Singapore shares may open higher on Wednesday after US stocks rose to a five-month high on hopes for strong corporate earnings, though investors are likely to remain cautious in the near term due to the debt woes in the euro zone.
Singapore’s benchmark Straits Times Index rose 1.06% on Tuesday to 2,719.83 points. Here are some stocks and factors to watch, said Reuters:
CapitaLand, Southeast Asia’s largest property developer, may be in focus after announcing that a consortium it is leading had signed a cooperation agreement with the Chongqing government for a mixed development in Chongqing, China.

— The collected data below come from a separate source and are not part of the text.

Lemma consensus_innovation_error z zh (theta : 'cV[R]_n) (al be : R) i :
  z i + al *: ((H i)^T *m (H i *m theta - H i *m z i))
      + be *: \sum_(j | adj i j) (zh j - z i) - theta
    = (z i - theta) - al *: gram (fun j => z j - theta) i
      - be *: laplacian (fun j => z j - theta) i + be *: \sum_(j | adj i j) (zh j - z j).
Proof.
have -> : \sum_(j | adj i j) (zh j - z i) = \sum_(j | adj i j) (zh j - z j)
    - \sum_(j | adj i j) ((z i - theta) - (z j - theta)).
  by rewrite -sumrB; apply: eq_bigr => j _; apply/matrixP => k l; rewrite !mxE; ring.
rewrite /gram /laplacian !mulmxBr; apply/matrixP => k l; rewrite !mxE; ring.
Qed.

Definition coercive (lam c : R) :=
  forall z, lam * stacked_sqnorm z <= obs_energy z + c * dirichlet z.

(* The increment is absorbed by half the decrease [2 al obs + be dirichlet]. *)
Lemma stacked_sqnorm_contraction (lam c al be : R) z :
  coercive lam c -> 0 <= al -> 0 <= be ->
  al * gram_gain <= 1 / 2 -> be * N%:R <= 1 / 4 -> 2 * c * al <= be ->
  stacked_sqnorm (fun i => z i - al *: gram z i - be *: laplacian z i)
    <= (1 - al * lam) * stacked_sqnorm z.
Proof.
move=> coer al_ge0 be_ge0 al_small be_small c_le.
rewrite stacked_sqnorm_step.
have := stacked_sqnorm_increment_le z al be.
have := coer z; have := obs_energy_ge0 z; have := dirichlet_ge0 z.
set Q := obs_energy z; set D := dirichlet z => D0 Q0 coer_z increment_le.
have gram_term_le : 2 * al ^+ 2 * gram_gain * Q <= al * Q.
  by have := mulr_ge0 al_ge0 Q0; nra.
have laplacian_term_le : 2 * be ^+ 2 * N%:R * D <= be / 2 * D.
  by have := mulr_ge0 be_ge0 D0; nra.
have cD_le : c * al * D <= be / 2 * D by apply: ler_wpM2r => //; lra.
have coer_al : al * (lam * stacked_sqnorm z) <= al * (Q + c * D) by exact: ler_wpM2l.
nra.
Qed.

Lemma dirichlet_edge_le z i j : adj i j -> dotc (z j - z i) (z j - z i) <= dirichlet z.
Proof.
move=> aij; have term_ge0 k : 0 <= \sum_(l | adj k l) dotc (z k - z l) (z k - z l).
  by apply: sumr_ge0 => l _; exact: dotcc_ge0.
apply: le_trans (@ler_sum_term _ _ xpredT _ j _ (fun k _ => term_ge0 k)) => //.
apply: (@ler_sum_term _ _ (adj j) (fun l => dotc (z j - z l) (z j - z l))).
  by rewrite adj_sym.
by move=> l _; exact: dotcc_ge0.
Qed.

Lemma dirichlet_path_le x p : path adj x p -> exists2 K, 0 <= K &
  forall z, dotc (z (last x p) - z x) (z (last x p) - z x) <= K * dirichlet z.
Proof.
elim: p x => [|y p IH] x /=.
  by move=> _; exists 0 => // z; rewrite subrr dotc0 mul0r.
move=> /andP[axy /IH[K K0 hK]]; exists (2 * K + 2); first by lra.
move=> z; rewrite -[z (last y p) - z x](subrKA (z y)).
apply: (le_trans (dotccD_le2 _ _)).
by have := hK z; have := dirichlet_edge_le z axy; have := dirichlet_ge0 z; nra.
Qed.

Hypothesis adj_connected : forall i j, connect adj i j.

Lemma dirichlet_spread_le (r : 'I_N) : exists2 K, 0 <= K &
  forall z i, dotc (z i - z r) (z i - z r) <= K * dirichlet z.
Proof.
have /choice[K hK] i : exists K, 0 <= K /\
    forall z, dotc (z i - z r) (z i - z r) <= K * dirichlet z.
  have /connectP[p pp ->] := adj_connected r i.
  by have [K K0 hK] := dirichlet_path_le pp; exists K.
have K_ge0 i : 0 <= K i by case: (hK i).
exists (\sum_i K i) => [|z i]; first exact: sumr_ge0.
have [_ /(_ z) hKi] := hK i; apply: le_trans hKi _.
by rewrite ler_wpM2r ?dirichlet_ge0 // (@ler_sum_term _ _ xpredT).
Qed.

Lemma unitmx_dotcc_le p (G : 'M[R]_p) : G \in unitmx ->
  exists2 K, 0 <= K & forall x, dotc x x <= K * dotc (G *m x) (G *m x).
Proof.
move=> G_unit; exists (p%:R * frob2 (invmx G)); first by rewrite mulr_ge0 ?frob2_ge0.
by move=> x; rewrite -{1 2}[x](mulKmx G_unit); exact: dotcc_mulmx_le.
Qed.

Hypothesis gram_full_rank : \rank (\sum_(i < N) (H i)^T *m H i)%R = n.

Lemma obs_coercive : exists2 K, 0 <= K &
  forall x : 'cV[R]_n, dotc x x <= K * \sum_i dotc (H i *m x) (H i *m x).
Proof.
pose G := \sum_(i < N) (H i)^T *m H i.
have G_unit : G \in unitmx by rewrite -row_free_unit; apply/eqP; exact: gram_full_rank.
have [K K0 hK] := unitmx_dotcc_le G_unit.
exists (K * (N%:R * gram_gain)); first by rewrite !mulr_ge0 ?gram_gain_ge0.
move=> x; apply: (le_trans (hK x)); rewrite -mulrA ler_wpM2l //.
have -> : G *m x = \sum_i gram (fun=> x) i.
  by rewrite /G mulmx_suml; apply: eq_bigr => i _; rewrite /gram mulmxA.
apply: (le_trans (dotcc_sum_le _ _)); rewrite card_ord -mulrA ler_wpM2l //.
exact: (stacked_sqnorm_gram_le (fun=> x)).
Qed.

(* Pin down a reference node [r]: the spread around [z r] is controlled by the
   Dirichlet energy, and [z r] itself by the observations, by full rank. *)
Lemma stacked_sqnorm_le_obs_dirichlet : exists A1 A2, [/\ 0 <= A1, 0 <= A2 &
  forall z, stacked_sqnorm z <= A1 * obs_energy z + A2 * dirichlet z].
Proof.
have [r _ | no_node] := pickP (@predT 'I_N); last first.
  by exists 0, 0; split => // z; rewrite /stacked_sqnorm big_pred0 // !mul0r addr0.
have [K K0 hK] := dirichlet_spread_le r.
have [K1 K10 hK1] := obs_coercive.
pose CH := \sum_i n%:R * frob2 (H i).
have CH0 : 0 <= CH by apply: sumr_ge0 => i _; rewrite mulr_ge0 ?frob2_ge0.
exists (4 * N%:R * K1), (4 * N%:R * K1 * CH * K + 2 * N%:R * K).
split; [by rewrite !mulr_ge0 | by rewrite addr_ge0 ?mulr_ge0 |] => z.
have D0 := dirichlet_ge0 z; have Q0 := obs_energy_ge0 z.
have hW : stacked_sqnorm z <= 2 * N%:R * dotc (z r) (z r) + 2 * N%:R * (K * dirichlet z).
  apply: (@le_trans _ _ (\sum_(i < N) (2 * dotc (z r) (z r) + 2 * (K * dirichlet z)))).
    apply: ler_sum => i _; rewrite -[z i](subrK (z r)) addrC.
    by apply: (le_trans (dotccD_le2 _ _)); have := hK z i; lra.
  by rewrite sumr_const card_ord -mulr_natl; lra.
have hr : \sum_i dotc (H i *m z r) (H i *m z r)
    <= 2 * obs_energy z + 2 * CH * (K * dirichlet z).
  rewrite /obs_energy /CH mulr_sumr mulr_sumr mulr_suml -big_split /=.
  apply: ler_sum => i _.
  have -> : H i *m z r = H i *m z i + H i *m (z r - z i).
    by rewrite -mulmxDr addrC subrK.
  apply: (le_trans (dotccD_le2 _ _)); rewrite lerD2l.
  have := dotcc_mulmx_le (H i) (z r - z i); rewrite -opprB dotcc_opp.
  have := ler_wpM2l (mulr_ge0 (ler0n _ n) (frob2_ge0 (H i))) (hK z i).
  lra.
have hzr := le_trans (hK1 (z r)) (ler_wpM2l K10 hr).
have := ler_wpM2l (mulr_ge0 (ler0n _ 2) (ler0n _ N)) hzr.
lra.
Qed.
(* Let $V$ be a vertex operator algebra of CFT-type that satisfies the $C_2$-cofiniteness condition. Let $M$ be a subspace of $V$ with $C_2(V)\subseteq M$ and $\mathbf{1}\notin M$. Then $M$ is an $MZ_{0,-1}$-subspace of $V$ and $r_{0,-1}(M)=\bigoplus_{n=1}^{\infty}V_n$.
   Context: A vertex operator algebra is a $\mathbb{Z}$-graded vertex algebra $V=\bigoplus_{n\in\mathbb{Z}}V_n$ over $\mathbb{C}$ (with $Y(u,z)=\sum_n u_nz^{-n-1}$, $\mathbf{1}\in V_0$, and $u_mV_n\subseteq V_{k+n-m-1}$ for $u\in V_k$), with $\dim V_n<\infty$, $V_n=0$ for $n$ sufficiently negative, and a conformal vector $\omega\in V_2$ whose modes $L(n)$ satisfy the Virasoro relations, $L(0)|_{V_n}=n$, and $Y(L(-1)v,z)=\frac{d}{dz}Y(v,z)$. $V$ is of CFT-type if $V=\bigoplus_{n\ge0}V_n$ and $V_0=\mathbb{C}\mathbf{1}$. $C_2(V)=\operatorname{span}_{\mathbb{C}}\{u_{-2}v:u,v\in V\}$; $V$ satisfies the $C_2$-cofiniteness condition if $\dim V/C_2(V)<\infty$. Iterated products are nested to the right: $v_{n_1}\cdots v_{n_t}v=v_{n_1}(\cdots(v_{n_t}v))$. For a subspace $M\subseteq V$: $r_{0,-1}(M)$ is the set of $v\in V$ for which there is $m\ge 0$ with $v_{n_1}\cdots v_{n_t}v\in M$ for all $t\ge m$ and all $n_1,\dots,n_t\in\{0,-1\}$. $lsr_{0,-1}(M)$ is the set of $v\in V$ such that for every $b\in V$ there is $m\ge0$ with $b_sv_{n_1}\cdots v_{n_t}v\in M$ for all $t\ge m$ and all $s,n_1,\dots,n_t\in\{0,-1\}$. $rsr_{0,-1}(M)$ is the set of $v\in V$ such that for every $w\in V$ there is $m\ge 0$ with $(v_{n_1}\cdots v_{n_t}v)_nw\in M$ for all $t\ge m$ and all $n,n_1,\dots,n_t\in\{0,-1\}$. $sr_{0,-1}(M)=lsr_{0,-1}(M)\cap rsr_{0,-1}(M)$. $M$ is an $MZ_{0,-1}$-subspace of $V$ if $r_{0,-1}(M)=sr_{0,-1}(M)$. *)

(* The ground field C is the complex numbers R[i] for an
   arbitrary R : realType (a realType is, up to isomorphism, the field of
   real numbers, so R[i] is C). *)
From mathcomp Require Import all_boot all_algebra complex.
From mathcomp Require Import reals.
Set Implicit Arguments.
Unset Strict Implicit.
Unset Printing Implicit Defensive.
Import GRing.Theory.
Local Open Scope ring_scope.

Section VOA.
Variable R : realType.
Local Notation C := (R[i]).
Variable V : lmodType C.

(* Y u n v  stands for the mode  u_n v  (Y(u,z) = sum_n u_n z^{-n-1}). *)
Variable Y : V -> int -> V -> V.
(* pi n is the projection of V = (+)_n V_n onto V_n. *)
Variable pi : int -> V -> V.

Definition homog (n : int) (v : V) : Prop := pi n v = v.

Definition gbinom (p : int) (i : nat) : C :=
  (\prod_(j < i) ((p - (j : nat)%:Z)%:~R : C)) / (i`!)%:R.

Definition in_span (s : seq V) (v : V) : Prop :=
  exists cs : seq C, v = \sum_(i < size s) cs`_i *: s`_i.

Record is_VOA (one omega : V) : Prop := {
  pi_linear : forall n (a : C) (u v : V), pi n (a *: u + v) = a *: pi n u + pi n v;
  pi_orth : forall m n v, pi m (pi n v) = if m == n then pi n v else 0;
  pi_sum : forall v, exists s : seq int,
      uniq s /\ v = \sum_(n <- s) pi n v /\ (forall n, n \notin s -> pi n v = 0);
  dim_finite : forall n, exists s : seq V,
      (forall x, x \in s -> homog n x) /\ forall v, homog n v -> in_span s v;
  bounded_below : exists N : int, forall n v, n < N -> pi n v = 0;
  Y_linear_r : forall u n (a : C) (v w : V), Y u n (a *: v + w) = a *: Y u n v + Y u n w;
  Y_linear_l : forall n v (a : C) (u u' : V), Y (a *: u + u') n v = a *: Y u n v + Y u' n v;
  truncation : forall u v, exists N : int, forall n, N <= n -> Y u n v = 0;
  vacuum_id : forall n v, Y one n v = if n == -1 then v else 0;
  creation_m1 : forall u, Y u (-1) one = u;
  creation_pos : forall u n, 0 <= n -> Y u n one = 0;
  borcherds : forall u v w (p q r : int), exists N : nat, forall M : nat, (N <= M)%N ->
      \sum_(i < M) gbinom p i *: Y (Y u (r + i%:Z) v) (p + q - i%:Z) w =
      \sum_(i < M) ((-1) ^+ i * gbinom r i) *:
          (Y u (p + r - i%:Z) (Y v (q + i%:Z) w)
           - (-1 : C) ^ r *: Y v (q + r - i%:Z) (Y u (p + i%:Z) w));
  vacuum_deg : homog 0 one;
  mode_deg : forall k n m u v, homog k u -> homog n v ->
      homog (k + n - m - 1) (Y u m v);
  (* conformal vector, L(n) = omega_{n+1} *)
  omega_deg : homog 2 omega;
  virasoro : exists c : C, forall (m n : int) (w : V),
      Y omega (m + 1) (Y omega (n + 1) w) - Y omega (n + 1) (Y omega (m + 1) w) =
      (m - n)%:~R *: Y omega (m + n + 1) w
      + (if m + n == 0 then ((m ^+ 3 - m)%:~R / 12%:R) * c else 0) *: w;
  L0_grading : forall n v, homog n v -> Y omega 1 v = n%:~R *: v;
  L_m1_derivative : forall v n w, Y (Y omega 0 v) n w = - (n%:~R) *: Y v (n - 1) w
}.

Definition CFT_type (one : V) : Prop :=
  (forall n v, n < 0 -> pi n v = 0) /\
  (forall v, homog 0 v -> exists a : C, v = a *: one).

Definition C2 (x : V) : Prop :=
  exists l : seq (C * V * V), x = \sum_(t <- l) t.1.1 *: Y t.1.2 (-2) t.2.

Definition C2_cofinite : Prop :=
  exists s : seq V, forall v, exists cs : seq C,
    C2 (v - \sum_(i < size s) cs`_i *: s`_i).

Definition subspace (M : V -> Prop) : Prop :=
  M 0 /\ forall (a : C) u v, M u -> M v -> M (a *: u + v).

(* iterated product  v_{n_1} ... v_{n_t} v  (nested to the right) *)
Definition iter_prod (v : V) (ns : seq int) : V := foldr (fun n x => Y v n x) v ns.

Definition idx01 (ns : seq int) : bool := all (fun n => (n == 0) || (n == -1)) ns.
Definition in01 (n : int) : bool := (n == 0) || (n == -1).

Definition r01 (M : V -> Prop) (v : V) : Prop :=
  exists m : nat, forall ns : seq int, (m <= size ns)%N -> idx01 ns -> M (iter_prod v ns).

Definition lsr01 (M : V -> Prop) (v : V) : Prop :=
  forall b : V, exists m : nat, forall (s : int) (ns : seq int),
    (m <= size ns)%N -> in01 s -> idx01 ns -> M (Y b s (iter_prod v ns)).

Definition rsr01 (M : V -> Prop) (v : V) : Prop :=
  forall w : V, exists m : nat, forall (n : int) (ns : seq int),
    (m <= size ns)%N -> in01 n -> idx01 ns -> M (Y (iter_prod v ns) n w).

Definition sr01 (M : V -> Prop) (v : V) : Prop := lsr01 M v /\ rsr01 M v.

Definition MZ01_subspace (M : V -> Prop) : Prop := forall v, r01 M v <-> sr01 M v.

Definition in_positive_part (v : V) : Prop := forall n : int, n <= 0 -> pi n v = 0.

End VOA.

(* The core is the pair of closure properties of C_2(V): it is stable under
   u_s from the left and from the right for s <= 0, and it contains v_0 v by
   skew symmetry.  Since v_0 is a derivation of the (-1)-product, every
   iterated product containing a 0-mode then lies in C_2(V), while
   v_{-1}^t v has weight > t when v has positive weight, hence lies in C_2(V)
   for large t by C_2-cofiniteness.  Conversely, if the vacuum component a 1
   of v is nonzero, write v_{-1} = a + u_{-1} with u_{-1} raising the weight:
   u_{-1} is nilpotent modulo C_2(V), so a + u_{-1} is invertible modulo any
   subspace M containing C_2(V), and v_{-1}^t 1 in M for large t forces
   1 in M. *)
From mathcomp Require Import all_boot all_order all_algebra complex.
From mathcomp Require Import reals.
From mathcomp Require Import zify.
Set Implicit Arguments.
Unset Strict Implicit.
Unset Printing Implicit Defensive.
Import GRing.Theory Num.Theory.
Local Open Scope ring_scope.
Lemma eps_formula_le eps : (eps_formula EA EB s <= eps%:E)%E <-> rank_one_qldp eps.
Proof.
have J_le pa pb : (log_ratio (Jmax (K_phi EA EB pa pb) s) (Jmin (K_phi EA EB pa pb) s)
    <= eps%:E)%E <-> _ := log_ratio_le eps (Jmin_ge0 pa pb) (Jmin_le_Jmax pa pb).
split=> [h|[eps_ge0 h]].
  have J_le_eps pa pb : unit_vec pa -> unit_vec pb ->
      Jmax (K_phi EA EB pa pb) s <= expR eps * Jmin (K_phi EA EB pa pb) s /\ 0 <= eps.
    move=> hpa hpb; apply/J_le/(le_trans _ h).
    by apply: ereal_sup_ubound; exists pa => //; exists pb.
  have hN := unit_vec_delta (Ordinal N_gt0).
  split; first by have [] := J_le_eps _ _ hN hN.
  by move=> pa pb hpa hpb; apply/Kexp_le_iff_Jmax_le; have [] := J_le_eps _ _ hpa hpb.
apply/ereal_supP => _ [pa hpa [pb hpb <-]].
by apply/J_le; split=> //; apply/Kexp_le_iff_Jmax_le/h.
Qed.

Lemma eps_formula_ge0 : (0%:E <= eps_formula EA EB s)%E.
Proof.
pose e0 : 'cV[C]_N := delta_mx (Ordinal N_gt0) 0.
apply: le_trans (log_ratio_ge0 (Jmin_ge0 e0 e0) (Jmin_le_Jmax e0 e0)) _.
have e0_unit : unit_vec e0 by apply: unit_vec_delta.
by apply: ereal_sup_ubound; exists e0 => //; exists e0.
Qed.

Lemma eps_star_formula : eps_star (prod_chan EA EB) s = eps_formula EA EB s.
Proof.
apply/le_anti/andP; split; last first.
  by apply: le_ereal_inf_tmp => _ [eps heps <-]; apply/eps_formula_le/eclm_qldp_rank_one.
have := eps_formula_ge0; case hE: (eps_formula EA EB s) => [eps| |] //= _; last exact: leey.
apply: ereal_inf_lbound; exists eps => //.
by apply/eclm_qldp_rank_one/eps_formula_le; rewrite hE.
Qed.

End PrivacyParameter.

End Quantum.

Unset Implicit Arguments.

Theorem theorem2 (R : realType) (N : nat) (s : R)
  (EA EB : 'M[R[i]]_N -> 'M[R[i]]_N) :
  (0 < N)%N -> 0 <= s -> s <= ln (N%:R) ->
  channel EA -> channel EB ->
  eps_star (prod_chan EA EB) s = eps_formula EA EB s /\
  (forall eps : R, eclm_qldp (prod_chan EA EB) s eps <->
                   (eps_formula EA EB s <= eps%:E)%E).
Proof.
move=> N_gt0 _ s_le chA chB; split; first exact: eps_star_formula.
move=> eps; apply: iff_trans (eclm_qldp_rank_one N_gt0 s_le chA chB eps) _.
exact: iff_sym (eps_formula_le N_gt0 s_le chA chB eps).
Qed.
Lemma addfun_ract_left_action : left_action addfun_ract.
Proof.
split=> [phi|a b phi|a b phi|a phi psi]; apply: addfun_ext => c //=.
- by rewrite mulr1.
- by rewrite mulrA.
- by rewrite mulrDr addfunD.
Qed.

Definition balanced (k : X -> A -> N) :=
  [/\ forall c, {morph k^~ c : x y / x + y},
      forall x, {morph k x : c d / c + d} &
      forall r x c, k (r *: x) c = k x (c * r%:A)].

Lemma balanced_lift_ex k : exists g : M -> N, balanced k ->
  {morph g : m m' / m + m'} /\ forall c x, g (lact c (iota x)) = k x c.
Proof.
have [[kD kD' kbal]|] := lem (balanced k); last by exists (fun=> 0).
case: Mfree => _ [_ /(_ _ _ addfun_ract_left_action (fun x => Addfun (kD' x)))].
case=> [x y|r x|[g [gD g_lact g_iota]] _].
- by apply: addfun_ext => c /=; apply: kD.
- by apply: addfun_ext => c /=; apply: kbal.
exists (fun m => g m 1) => _; split => [m m'|c x]; first by rewrite gD.
by rewrite g_lact /= mul1r g_iota.
Qed.

Definition lift k : M -> N := sval (cid (balanced_lift_ex k)).

Lemma liftD k : balanced k -> {morph lift k : m m' / m + m'}.
Proof. by move=> /(svalP (cid (balanced_lift_ex k))) []. Qed.

Lemma lift_lact k c x : balanced k -> lift k (lact c (iota x)) = k x c.
Proof. by move=> /(svalP (cid (balanced_lift_ex k))) [_]; apply. Qed.

Fact lact_addfun_morph (g : M -> N) (gD : {morph g : m m' / m + m'}) m :
  {morph (fun c => g (lact c m)) : c d / c + d}.
Proof. by move=> c d; rewrite lactDl gD. Qed.
Definition lact_addfun g gD m := Addfun (@lact_addfun_morph g gD m).

Lemma lact_addfunD g (gD : {morph g : m m' / m + m'}) m m' :
  lact_addfun gD (m + m') = lact_addfun gD m + lact_addfun gD m'.
Proof. by apply: addfun_ext => c /=; rewrite lactDr gD. Qed.
(* Let $n\ge 3$ and $a\ge 1$ be integers. (i) Every power of a cycle $C_n^a$ is a TRVG. (ii) $D_n^1$ is a TRVG. (iii) If $a\ge 3$ and $n\ge 2a+8$, then $D_n^a$ is not a TRVG. (iv) If $a\ge 2$ and $n\le 2a+4$, then $D_n^a$ is a TRVG.
   Context: A graph $G$ is a transparent rectangle visibility graph (TRVG) if its vertices can be represented by a collection of pairwise non-overlapping rectangles in the plane whose sides are parallel to the coordinate axes, one per vertex, such that two distinct vertices are adjacent if and only if there is a horizontal or a vertical line intersecting the interiors of both of their rectangles (other rectangles do not block visibility). For integers $n\ge 3$, $a\ge 1$, the $a$-th power of the cycle, $C_n^a$, has vertices $v_1,\dots,v_n$, with $v_i$ and $v_j$ ($i\ne j$) adjacent iff their cyclic distance $\min(|i-j|,\,n-|i-j|)$ is at most $a$. $D_n^a$ denotes the complement of $C_n^a$. *)

From Stdlib Require Import Reals.
From mathcomp Require Import all_boot.
Set Implicit Arguments. Unset Strict Implicit. Unset Printing Implicit Defensive.

Record rect := Rect { rx1 : R; rx2 : R; ry1 : R; ry2 : R }.

Definition rect_valid (r : rect) : Prop := Rlt (rx1 r) (rx2 r) /\ Rlt (ry1 r) (ry2 r).

Definition in_interior (r : rect) (p q : R) : Prop :=
  (Rlt (rx1 r) p /\ Rlt p (rx2 r)) /\ (Rlt (ry1 r) q /\ Rlt q (ry2 r)).

Definition non_overlapping (r s : rect) : Prop :=
  ~ (exists p q : R, in_interior r p q /\ in_interior s p q).

Definition hvisible (r s : rect) : Prop :=
  exists c : R, (Rlt (ry1 r) c /\ Rlt c (ry2 r)) /\ (Rlt (ry1 s) c /\ Rlt c (ry2 s)).

Definition vvisible (r s : rect) : Prop :=
  exists c : R, (Rlt (rx1 r) c /\ Rlt c (rx2 r)) /\ (Rlt (rx1 s) c /\ Rlt c (rx2 s)).

(* A (simple) graph on the finite vertex type V, given by its adjacency
   relation, is a transparent rectangle visibility graph. *)
Definition is_TRVG (V : finType) (adj : V -> V -> Prop) : Prop :=
  exists f : V -> rect,
    (forall v, rect_valid (f v)) /\
    (forall u v, u <> v -> non_overlapping (f u) (f v)) /\
    (forall u v, u <> v -> (adj u v <-> hvisible (f u) (f v) \/ vvisible (f u) (f v))).

Definition cdist (n : nat) (i j : 'I_n) : nat :=
  let d := if (i <= j)%N then (j - i)%N else (i - j)%N in minn d (n - d).

Definition Cpow (n a : nat) (i j : 'I_n) : Prop := i <> j /\ (cdist i j <= a)%N.

Definition Dpow (n a : nat) (i j : 'I_n) : Prop := i <> j /\ ~ @Cpow n a i j.

(* Parts (i), (ii) and (iv) are explicit representations by boxes with integer
   corners.  For (iii), the vertices v_0, ..., v_3 and v_(a+4), ..., v_(a+7)
   induce a K_{4,4} in D_n^a.  In a representation, the pairs of rectangles seen
   along a vertical line form an interval graph, and so do those seen along a
   horizontal line.  An interval graph in which both sides of a bipartition are
   independent has fewer edges than vertices: the interval starting last meets
   at most one interval, because any two intervals meeting it contain its left
   end and hence meet each other.  So the 16 edges of K_{4,4} cannot be covered
   by two such graphs on 8 vertices. *)

From Stdlib Require Import Reals Lra.
From mathcomp Require Import all_boot zify.

Section RealIntervals.
Local Open Scope R_scope.

Lemma open_intervals_meet (a b c d : R) : a < b -> c < d ->
  (exists x, a < x < b /\ c < x < d) <-> a < d /\ c < b.
Proof.
move=> ab cd; split=> [[x [[? ?] [? ?]]] | [ad cb]]; first lra.
exists ((Rmax a c + Rmin b d) / 2).
by rewrite /Rmax /Rmin; case: Rle_dec; case: Rle_dec; split; split; lra.
Qed.

Lemma vvisibleE {r s : rect} : rect_valid r -> rect_valid s ->
  vvisible r s <-> rx1 r < rx2 s /\ rx1 s < rx2 r.
Proof. by move=> [? _] [? _]; apply: open_intervals_meet. Qed.

Lemma hvisibleE {r s : rect} : rect_valid r -> rect_valid s ->
  hvisible r s <-> ry1 r < ry2 s /\ ry1 s < ry2 r.
Proof. by move=> [_ ?] [_ ?]; apply: open_intervals_meet. Qed.

Lemma non_overlappingE (r s : rect) :
  non_overlapping r s <-> ~ (vvisible r s /\ hvisible r s).
Proof.
rewrite /non_overlapping /in_interior; split=> no.
- by move=> [[p hp] [q hq]]; apply: no; exists p, q; tauto.
- by move=> [p [q hpq]]; apply: no; split; [exists p | exists q]; tauto.
Qed.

CapitaLand, CapitaMalls Asia and Singbridge Holdings will develop a shopping mall and eight towers for residential, office, serviced residence and hotel use, with total gross floor area of about 817,000 square metres.
Including land cost, the total development cost of the project is expected to be about $4.3 billion. CapitaLand and CapitaMalls Asia each owns a 25% effective stake, while Singbridge holds 30%.
Singapore Press Holdings said on Tuesday its first-quarter net profit fell 4.7% from a year earlier to $97.5 million, partly hurt by lower investment income due to unrealized foreign exchange losses on investments.
Budget carrier Tiger Airways said on Tuesday it carried 481,000 passengers in December 2011, down 12% from a year earlier. Load factor in the same month was 83%, compared with 91% a year ago.
Welding, gas and safety products firm Leeden said on Tuesday the Singapore Exchange had given an approval-in-principle for the company’s planned delisting from the bourse.